We squeeze through this cumbersome crawlway, which is only about 100 feet, for what seems like an eternity. Here we encounter the Manhole, a hole in the wall leading to the Speed Hollow Entrance (our exit in this case), an up-to-your-neck frigid plunge. I am ahead of the group, and my measly 40-lumen headlamp makes the river entrance appear more ominous than it really is. I can’t see the water, so my imagination gets the best of me and I envision free-falling 10 feet before body-smacking into the river.

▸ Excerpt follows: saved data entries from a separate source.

(* Let $A\in\mathbb{R}^{n\times n}$ be a matrix diagonalizable over $\mathbb{C}$ whose eigenvalues are roots of one quadratic polynomial $X^2-pX-q$ with $p,q\in\mathbb{Z}$ and negative discriminant. Then there exists a generic cut-and-project scheme $\Lambda=(\mathcal{L}\subset\mathbb{R}^{n+2},\mathbb{R}^n)$ with self-similarity $A$, and $n+2$ is the minimal dimension of a lattice defining such a scheme.
   Context: A lattice $\mathcal{L}\subset\mathbb{R}^s$ is $\{L\mathbf{r}:\mathbf{r}\in\mathbb{Z}^s\}$ for a non-singular $L\in\mathbb{R}^{s\times s}$ (an associated matrix). For $1\le n<s$ the scheme $(\mathcal{L}\subset\mathbb{R}^s,\mathbb{R}^n)$ has projections $\pi_\parallel(\mathbf{x})=(x_1,\dots,x_n)^\top$, $\pi_\perp(\mathbf{x})=(x_{n+1},\dots,x_s)^\top$; it is generic if $\pi_\parallel|_{\mathcal{L}}$ and $\pi_\perp|_{\mathcal{L}}$ are injective and $\pi_\perp(\mathcal{L})$ is dense in $\mathbb{R}^{s-n}$. $A$ is a self-similarity of a generic scheme with associated matrix $L$ if $A\pi_\parallel(\mathcal{L})\subset\pi_\parallel(\mathcal{L})$ and there exist $C\in\mathbb{Z}^{s\times s}$, $B\in\mathbb{R}^{(s-n)\times(s-n)}$ with $\begin{pmatrix}A&O\\O&B\end{pmatrix}L=LC$. *)

From HB Require Import structures.
From mathcomp Require Import all_boot all_order all_algebra.
From mathcomp Require Import reals complex.
Set Implicit Arguments. Unset Strict Implicit. Unset Printing Implicit Defensive.
Import Order.TTheory GRing.Theory Num.Theory.
Local Open Scope ring_scope.

Definition lat_pt (R : realType) (n m : nat) (L : 'M[R]_(n + m))
  (r : 'cV[int]_(n + m)) : 'cV[R]_(n + m) :=
  L *m map_mx (fun z : int => z%:~R) r.

Definition pi_par (R : realType) (n m : nat) (x : 'cV[R]_(n + m)) : 'cV[R]_n :=
  usubmx x.
Definition pi_perp (R : realType) (n m : nat) (x : 'cV[R]_(n + m)) : 'cV[R]_m :=
  dsubmx x.

Definition generic_scheme (R : realType) (n m : nat) (L : 'M[R]_(n + m)) : Prop :=
  [/\ (0 < n)%N && (0 < m)%N, L \in unitmx,
      (forall r1 r2, pi_par (lat_pt L r1) = pi_par (lat_pt L r2) ->
                     lat_pt L r1 = lat_pt L r2),
      (forall r1 r2, pi_perp (lat_pt L r1) = pi_perp (lat_pt L r2) ->
                     lat_pt L r1 = lat_pt L r2) &
      (forall (y : 'cV[R]_m) (e : R), 0 < e ->
         exists r, forall i, `|pi_perp (lat_pt L r) i 0 - y i 0| < e)].

Definition self_similarity (R : realType) (n m : nat) (A : 'M[R]_n)
  (L : 'M[R]_(n + m)) : Prop :=
  (forall r, exists r', A *m pi_par (lat_pt L r) = pi_par (lat_pt L r')) /\
  exists (C : 'M[int]_(n + m)) (B : 'M[R]_m),
    block_mx A 0 0 B *m L = L *m map_mx (fun z : int => z%:~R) C.

Definition complexify (R : realType) (n : nat) (A : 'M[R]_n) : 'M[R[i]]_n :=
  map_mx (fun x : R => (x%:C)%C) A.

From HB Require Import structures.
From mathcomp Require Import all_boot all_order all_algebra.
From mathcomp Require Import reals complex ring lra zify.
From mathcomp Require Import boolp classical_sets cardinality finmap.
From mathcomp Require Import ereal measure lebesgue_measure.
Import Order.TTheory GRing.Theory Num.Theory.
Set Implicit Arguments. Unset Strict Implicit. Unset Printing Implicit Defensive.
Local Open Scope ring_scope.

(* The eigenvalue condition forces A^2 = p A + q.

   Minimality: if the internal space were a line, the relation
   diag(A, b) L = L C would give L (C^2 - p C - q) = diag(0, b^2 - p b - q) L,
   where b^2 - p b - q <> 0 because b is real and the discriminant is negative.
   So C^2 - p C - q has rank one, the internal projection of L is a real multiple
   of an integer row vector, and it kills a nonzero lattice vector.

   Existence: A has no real eigenvalue, so vectors v, vA can be added pairwise
   to a free family; thus n = 2K and in a basis (u_j, A u_j)_(j < K) the matrix
   A acts by the companion matrix of X^2 - pX - q, blockwise.  Take t
   transcendental and s = t^(K+1).  The lattice is spanned by u_j and A u_j
   with internal parts t^j e_1 and t^j e_2, and by s u_0 and s A u_0 with
   internal parts t^K e_1 and t^K e_2.  The companion structure passes to the
   internal space, transcendence of t makes the internal projection injective,
   irrationality of s the physical one, and density of Z + Z t^K in R gives
   density. *)

Local Notation intmx := (map_mx (fun z : int => z%:~R)).

Definition irrational (R : realType) (t : R) :=
  forall a b : int, a%:~R + b%:~R * t = 0 :> R -> b = 0.

Section IrrationalDensity.
Variables (R : realType) (t : R).
Hypothesis t_irr : irrational t.

Definition int_comb (x : R) := exists a b : int, x = a%:~R + b%:~R * t.

Lemma int_combB x y : int_comb x -> int_comb y -> int_comb (x - y).
Proof.
move=> [a [b ->]] [c [d ->]]; exists (a - c), (b - d); rewrite !rmorphB /=; ring.
Qed.

Lemma int_combMz (k : int) x : int_comb x -> int_comb (k%:~R * x).
Proof. by move=> [a [b ->]]; exists (k * a), (k * b); rewrite !rmorphM /=; ring. Qed.

Lemma int_comb1 : int_comb 1.
Proof. by exists 1, 0; rewrite rmorph1 rmorph0 mul0r addr0. Qed.

Lemma int_comb_mulz_neq1 x (k : int) :
  int_comb x -> 0 < x -> x < 1 -> k%:~R * x != 1.
Proof.
move=> [a [b ->]] x_gt0 x_lt1; apply/eqP => kx1.
have /t_irr /eqP : (k * a - 1)%:~R + (k * b)%:~R * t = 0.
  rewrite rmorphB rmorph1 !rmorphM /= -{}[RHS](subrr 1) -[X in _ = X - _]kx1.
  ring.
rewrite mulf_eq0 => /orP[/eqP k0 | /eqP b0].
  by move: kx1; rewrite k0 mul0r => /eqP; rewrite eq_sym oner_eq0.
move: x_gt0 x_lt1; rewrite b0 mul0r addr0 ltr0z -[1]/(1%:~R) ltr_int.
by rewrite gtz0_ge1 leNgt => /negP.
Qed.

Lemma int_comb_halve g : int_comb g -> 0 < g -> g < 1 ->
  exists2 g', int_comb g' & 0 < g' <= g / 2.
Proof.
move=> Gg g_gt0 g_lt1.
pose k := Num.floor g^-1; pose h := 1 - k%:~R * g.
have Gh : int_comb h by apply: int_combB; [exact: int_comb1 | exact: int_combMz].
have h_ge0 : 0 <= h.
  have := floor_le g^-1; rewrite -(ler_pM2r g_gt0) mulVf ?gt_eqF //.
  by rewrite /h; lra.
have h_ltg : h < g.
  have := floorD1_gt g^-1.
  rewrite -(ltr_pM2r g_gt0) mulVf ?gt_eqF // rmorphD /= mulrDl mul1r.
  by rewrite /h; lra.
have h_gt0 : 0 < h.
  by rewrite lt_neqAle h_ge0 andbT eq_sym subr_eq0 eq_sym int_comb_mulz_neq1.
have [h_le|h_gt] := lerP h (g / 2); first by exists h; rewrite ?h_gt0.
by exists (g - h); [exact: int_combB | apply/andP; split; lra].
Qed.

Lemma int_comb_small (N : nat) : exists2 g, int_comb g & 0 < g /\ g * N.+1%:R < 1.
Proof.
elim: N => [|N [g Gg [g_gt0 gN]]].
  pose g := t - (Num.floor t)%:~R.
  have Gg : int_comb g.
    by exists (- Num.floor t), 1; rewrite /g rmorphN rmorph1 /=; ring.
  have g_lt1 : g < 1.
    by have := floorD1_gt t; rewrite /g rmorphD /= rmorph1; lra.
  have g_ge0 : 0 <= g by rewrite /g subr_ge0 floor_le.
  have g_neq0 : g != 0.
    apply/eqP; rewrite /g => g0; suff : (1 : int) = 0 by [].
    by apply: (t_irr (a := - Num.floor t)); rewrite rmorphN rmorph1 /=; lra.
  by exists g => //; rewrite mulr1 lt_neqAle eq_sym g_neq0 g_ge0.
have g_lt1 : g < 1.
  have : 1 <= N.+1%:R :> R by rewrite ler1n.
  nra.
have [g' Gg' /andP[g'_gt0 g'_le]] := int_comb_halve Gg g_gt0 g_lt1.
exists g' => //; split => //.
have : 0 <= N%:R :> R by [].
by move: gN; rewrite -[N.+2]addn1 -[N.+1]addn1 !natrD; nra.
Qed.

Lemma int_comb_dense (y e : R) : 0 < e -> exists a b : int, `|a%:~R + b%:~R * t - y| < e.
Proof.
move=> e_gt0.
pose N := `|Num.floor e^-1|%N.
have eN : e^-1 < N.+1%:R.
  have := floorD1_gt e^-1; rewrite rmorphD /= rmorph1.
  have : (Num.floor e^-1)%:~R <= N%:R :> R by rewrite natr_absz ler_int ler_norm.
  by rewrite -addn1 natrD; lra.
have [g Gg [g_gt0 gN]] := int_comb_small N.
have g_lte : g < e.
  have : e * e^-1 = 1 by rewrite mulfV ?gt_eqF.
  have : 0 < e^-1 by rewrite invr_gt0.
  nra.
pose k := Num.floor (y / g).
have [a [b abE]] := int_combMz k Gg.
exists a, b; rewrite -abE.
have := floor_le (y / g).
rewrite -(ler_pM2r g_gt0) mulrVK ?unitfE ?gt_eqF //.
have := floorD1_gt (y / g).
rewrite -(ltr_pM2r g_gt0) mulrVK ?unitfE ?gt_eqF // rmorphD /= rmorph1 mulrDl mul1r.
by move=> *; rewrite ler0_norm; lra.
Qed.

End IrrationalDensity.

Definition transcendental (R : realType) (t : R) :=
  forall P : {poly int}, (map_poly (fun z : int => z%:~R : R) P).[t] = 0 -> P = 0.

Section ExistsTranscendental.
Local Open Scope classical_set_scope.

Lemma countable_root (R : realType) (Q : {poly R}) :
  Q != 0 -> countable [set t : R | root Q t].
Proof.
move=> Q_neq0; apply: finite_set_countable; apply: contrapT.
move=> /(infinite_set_fset (size Q)) [B BQ szB].
have := max_poly_roots Q_neq0 (_ : all (root Q) B) (fset_uniq B).
by rewrite ltnNge szB => /(_ (introT allP BQ)).
Qed.

(* The algebraic numbers form a countable, hence Lebesgue-null, set. *)
Lemma exists_transcendental (R : realType) : exists t : R, transcendental t.
Proof.
pose S := \bigcup_(P in [set P : {poly int} | P != 0])
            [set t : R | root (map_poly (fun z : int => z%:~R) P) t].
have cS : countable S.
  apply: bigcup_countable; first exact: countableP.
  move=> P /= P_neq0; apply: countable_root.
  by rewrite map_poly_eq0_id0 // intr_eq0 lead_coef_eq0.
have S0 := countable_lebesgue_measure0 cS.
have [t /= St] : exists t, ~ S t.
  apply/existsNP => SR; suff : lebesgue_measure [set` `[(0 : R), 1]%R] = 0%E.
    rewrite lebesgue_measure_itv /= lte_fin ltr01 oppr0 adde0.
    by move=> -[] /eqP; rewrite oner_eq0.
  apply: (subset_measure0 _ _ _ S0) => [||x _]; first exact: measurable_itv.
    by apply: countable_measurable cS => x; exact: measurable_set1.
  exact: SR.
exists t => P Pt; apply: contrapT => P_neq0; apply: St.
by exists P => //=; apply/eqP.
Qed.

End ExistsTranscendental.

Section TranscendentalPowers.
Variables (R : realType) (t : R).
Hypothesis t_tr : transcendental t.

Lemma transcendental_sum_eq0 K (f : nat -> int) :
  \sum_(j < K) (f j)%:~R * t ^+ j = 0 -> forall j, (j < K)%N -> f j = 0.
Proof.
move=> sum0 j ltjK.
suff /polyP/(_ j) : \poly_(j < K) f j = 0 by rewrite coef_poly ltjK coef0.
apply: t_tr; rewrite -{}sum0 -(horner_poly K (fun i => (f i)%:~R)); congr horner.
by apply/polyP => i; rewrite coef_map !coef_poly /=; case: ifP.
Qed.
Lemma Mmat_group_span i : wedge (p i) (q i) != 0 ->
  [/\ p (i + 1) = 0, q (i + 1) = 0, p (i + 2) = 0 & q (i + 2) = 0].
Proof.
have mem_p j : p j \in [:: p j; q j] by rewrite !inE eqxx.
have mem_q j : q j \in [:: p j; q j] by rewrite !inE eqxx orbT.
have [e11 e12 e21 e22] : [/\ 1 + 1 = 2 :> 'I_3, 1 + 2 = 0 :> 'I_3, 2 + 1 = 0 :> 'I_3
                           & 2 + 2 = 1 :> 'I_3] by split; apply/val_inj.
case: (I3_cases 0 i) => ->; rewrite ?add0r ?e11 ?e12 ?e21 ?e22 => /negPf span.
- have [k1 R1 pL] := group0_rows (mem_p 0); have [k2 R2 qL] := group0_rows (mem_q 0).
  have kill x k : signed_perp x (R k) -> x = 0.
    move=> xR; have := LR_wedge (or_introl (conj R1 R2)) pL qL xR.
    by rewrite span => /eqP.
  have [[? _ /kill->] [? _ /kill->]] := (group1_rows (mem_p 1), group1_rows (mem_q 1)).
  by have [[? _ /kill->] [? _ /kill->]] := (group2_rows (mem_p 2), group2_rows (mem_q 2)).
- have [k1 pL pR] := group1_rows (mem_p 1); have [k2 qL qR] := group1_rows (mem_q 1).
  have killR x k : L k = 0 -> signed_perp x (R k) -> x = 0.
    by move=> Lk xR; have := LR_wedge (or_intror Lk) pL qL xR; rewrite span => /eqP.
  have killL x k : R k = 0 -> signed_perp x (L k) -> x = 0.
    by move=> Rk xL; have := RL_wedge (or_intror Rk) pR qR xL; rewrite span => /eqP.
  have [[? L0 /(killR _ _ L0)->] [? L0' /(killR _ _ L0')->]] :=
    (group2_rows (mem_p 2), group2_rows (mem_q 2)).
  by have [[? R0 /(killL _ _ R0)->] [? R0' /(killL _ _ R0')->]] :=
    (group0_rows (mem_p 0), group0_rows (mem_q 0)).
- have [k1 L1 pR] := group2_rows (mem_p 2); have [k2 L2 qR] := group2_rows (mem_q 2).
  have kill x k : signed_perp x (L k) -> x = 0.
    move=> xL; have := RL_wedge (or_introl (conj L1 L2)) pR qR xL.
    by rewrite span => /eqP.
  have [[? _ /kill->] [? _ /kill->]] := (group0_rows (mem_p 0), group0_rows (mem_q 0)).
  by have [[? /kill-> _] [? /kill-> _]] := (group1_rows (mem_p 1), group1_rows (mem_q 1)).
Qed.

Lemma Mmat_transversal a b c :
  a \in [:: p 0; q 0] -> b \in [:: p 1; q 1] -> c \in [:: p 2; q 2] ->
  a != 0 -> b != 0 -> c != 0 -> wedge a b = 0 /\ wedge b c = 0.
Proof.
move=> /group0_rows[ka Ra aL] /group1_rows[kb bL bR] /group2_rows[kc Lc cR] nz_a _ nz_c.
have := LR_wedge (or_intror Lc) aL bL cR; rewrite (negPf nz_c) orbF => /eqP ab.
have := RL_wedge (or_intror Ra) cR bR aL; rewrite (negPf nz_a) orbF wedge_eq0C.
by move=> /eqP.
Qed.

End MmatRank.

Theorem commuting_rank2_dichotomy (A B : 'M[rat]_3) :
  A *m B = B *m A -> (\rank (Mmat A B) <= 2)%N ->
  (\sum_i ((sup_entry A B i != 0%R) + (sub_entry A B i != 0%R)) <= 2)%N \/
  exists2 u, u != 0 & on_line (sup_entry A B) (sub_entry A B) (diag_diff A B) u.
Proof.
move=> AB rk; apply: config_dichotomy.
- exact: sum_diag_diff.
- by move=> i; case: (commute_wedge AB i).
- by move=> i; case: (commute_wedge AB i).
- exact: Mmat_group_span.
- exact: Mmat_transversal.
Qed.
Definition block_const U V (f : 'I_m -> U) (g : 'I_n -> V) X :=
  forall a a' b b', f a = f a' -> g b = g b' -> X a b = X a' b'.

Definition rectmx (S : {set 'I_m}) (T : {set 'I_n}) : 'M[R]_(m, n) :=
  \matrix_(i, k) ((i \in S) && (k \in T))%:R.

Lemma blockmean_const U V (f : 'I_m -> U) (g : 'I_n -> V) X :
  block_const f g (blockmean f g X).
Proof.
move=> a a' b b' fa gb; rewrite !mxE.
have -> : fiber f a = fiber f a' by apply/setP => c; rewrite !inE fa.
by have -> : fiber g b = fiber g b' by apply/setP => c; rewrite !inE gb.
Qed.

Lemma block_const_finer U V U' V' (f : 'I_m -> U) (g : 'I_n -> V)
    (f' : 'I_m -> U') (g' : 'I_n -> V') X :
  finer f' f -> finer g' g -> block_const f g X -> block_const f' g' X.
Proof. by move=> ff gg cX a a' b b' /ff fa /gg gb; apply: cX. Qed.

Lemma mxdot_blockmean U V (f : 'I_m -> U) (g : 'I_n -> V) X Y :
  block_const f g Y -> mxdot (blockmean f g X) Y = mxdot X Y.
Proof.
move=> cY.
have termE i k : blockmean f g X i k * Y i k =
    \sum_(a in fiber f i) \sum_(b in fiber g k)
      X a b * Y a b / #|fiber f a|%:R / #|fiber g b|%:R.
  rewrite mxE natrM invfM mulrA !mulr_suml; apply: eq_bigr => a ai.
  rewrite !mulr_suml; apply: eq_bigr => b bk; rewrite (fiber_eq ai) (fiber_eq bk).
  move: ai bk; rewrite !inE => /eqP fa /eqP gb.
  by rewrite (cY a i b k) // mulrAC [X a b * _ * _]mulrAC.
rewrite /mxdot; under eq_bigr => i _ do under eq_bigr => k _ do rewrite termE.
under eq_bigr => i _ do rewrite exchange_big /=.
under eq_bigr => i _ do under eq_bigr => a _ do rewrite sum_fiber_mean -mulr_suml.
by rewrite sum_fiber_mean.
Qed.

Lemma mxdot_blockmean_sub U V U' V' (f : 'I_m -> U) (g : 'I_n -> V)
    (f' : 'I_m -> U') (g' : 'I_n -> V') X :
  finer f' f -> finer g' g ->
  let E := blockmean f g X in let E' := blockmean f' g' X in
  mxdot (E' - E) (E' - E) = mxdot E' E' - mxdot E E.
Proof.
move=> ff gg E E'.
have cE : block_const f g E := blockmean_const X.
have cE' : block_const f' g' E := block_const_finer ff gg cE.
rewrite !mxdotBl !mxdotBr (mxdotC E E') (mxdot_blockmean X cE) (mxdot_blockmean X cE').
by rewrite subrr subr0.
Qed.

Lemma blockmean_bounded U V (f : 'I_m -> U) (g : 'I_n -> V) X c :
  (forall i k, `|X i k| <= c) -> forall i k, `|blockmean f g X i k| <= c.
Proof.
move=> Xc i k; rewrite mxE normrM normfV normr_nat.
rewrite ler_pdivrMr ?ltr0n ?muln_gt0 ?card_fiber_gt0 //.
apply: (le_trans (ler_norm_sum _ _ _)).
apply: (@le_trans _ _ (\sum_(a in fiber f i) \sum_(b in fiber g k) c)).
  apply: ler_sum => a _; apply: (le_trans (ler_norm_sum _ _ _)).
  by apply: ler_sum => b _.
by rewrite !sumr_const -mulrnA mulr_natr mulnC.
Qed.

Lemma mxdot_rectmx X S T : mxdot X (rectmx S T) = \sum_(i in S) \sum_(k in T) X i k.
Proof.
rewrite /mxdot [RHS]big_mkcond; apply: eq_bigr => i _ /=.
have [iS | iS] := boolP (i \in S); last first.
  by rewrite big1 // => k _; rewrite mxE (negbTE iS) mulr0.
rewrite [RHS]big_mkcond; apply: eq_bigr => k _; rewrite mxE iS /=.
by case: (k \in T); rewrite ?mulr1 ?mulr0.
Qed.

Lemma rect_discrepancy_sq_le U V U' V' (f : 'I_m -> U) (g : 'I_n -> V)
    (f' : 'I_m -> U') (g' : 'I_n -> V') X S T :
  finer f' f -> finer g' g -> block_const f' g' (rectmx S T) ->
  mxdot (X - blockmean f g X) (rectmx S T) ^+ 2 <=
  (m * n)%:R * (mxdot (blockmean f' g' X) (blockmean f' g' X) -
                mxdot (blockmean f g X) (blockmean f g X)).
Proof.
move=> ff gg cST.
rewrite mxdotBl -(mxdot_blockmean X cST) -mxdotBl -(mxdot_blockmean_sub X ff gg).
apply: le_trans (mxdot_CauchySchwarz _ _) _; rewrite mulrC ler_wpM2r ?mxdot_ge0 //.
by apply: mxdot_le_card => i k; rewrite mxE; case: (_ && _); rewrite ?normr1 ?normr0.
Qed.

Instead, my feet touch the water as soon as I perch on the edge of the hole. There’s also a rope for lowering yourself into the river, but there’s no touching the bottom. You have to swim to the exit for about 200 feet. The ceiling is so low that at some points I have to hold my head sideways to breathe.

After six hours underground, I can finally start to see the bright summer light glowing from a wide, thin slit. As I get closer to the exit, I can feel the blast of summer warmth hit, taking away my shivers. I crawl out onto the forest floor happy to see the green of moss-covered rocks and low-lying foliage.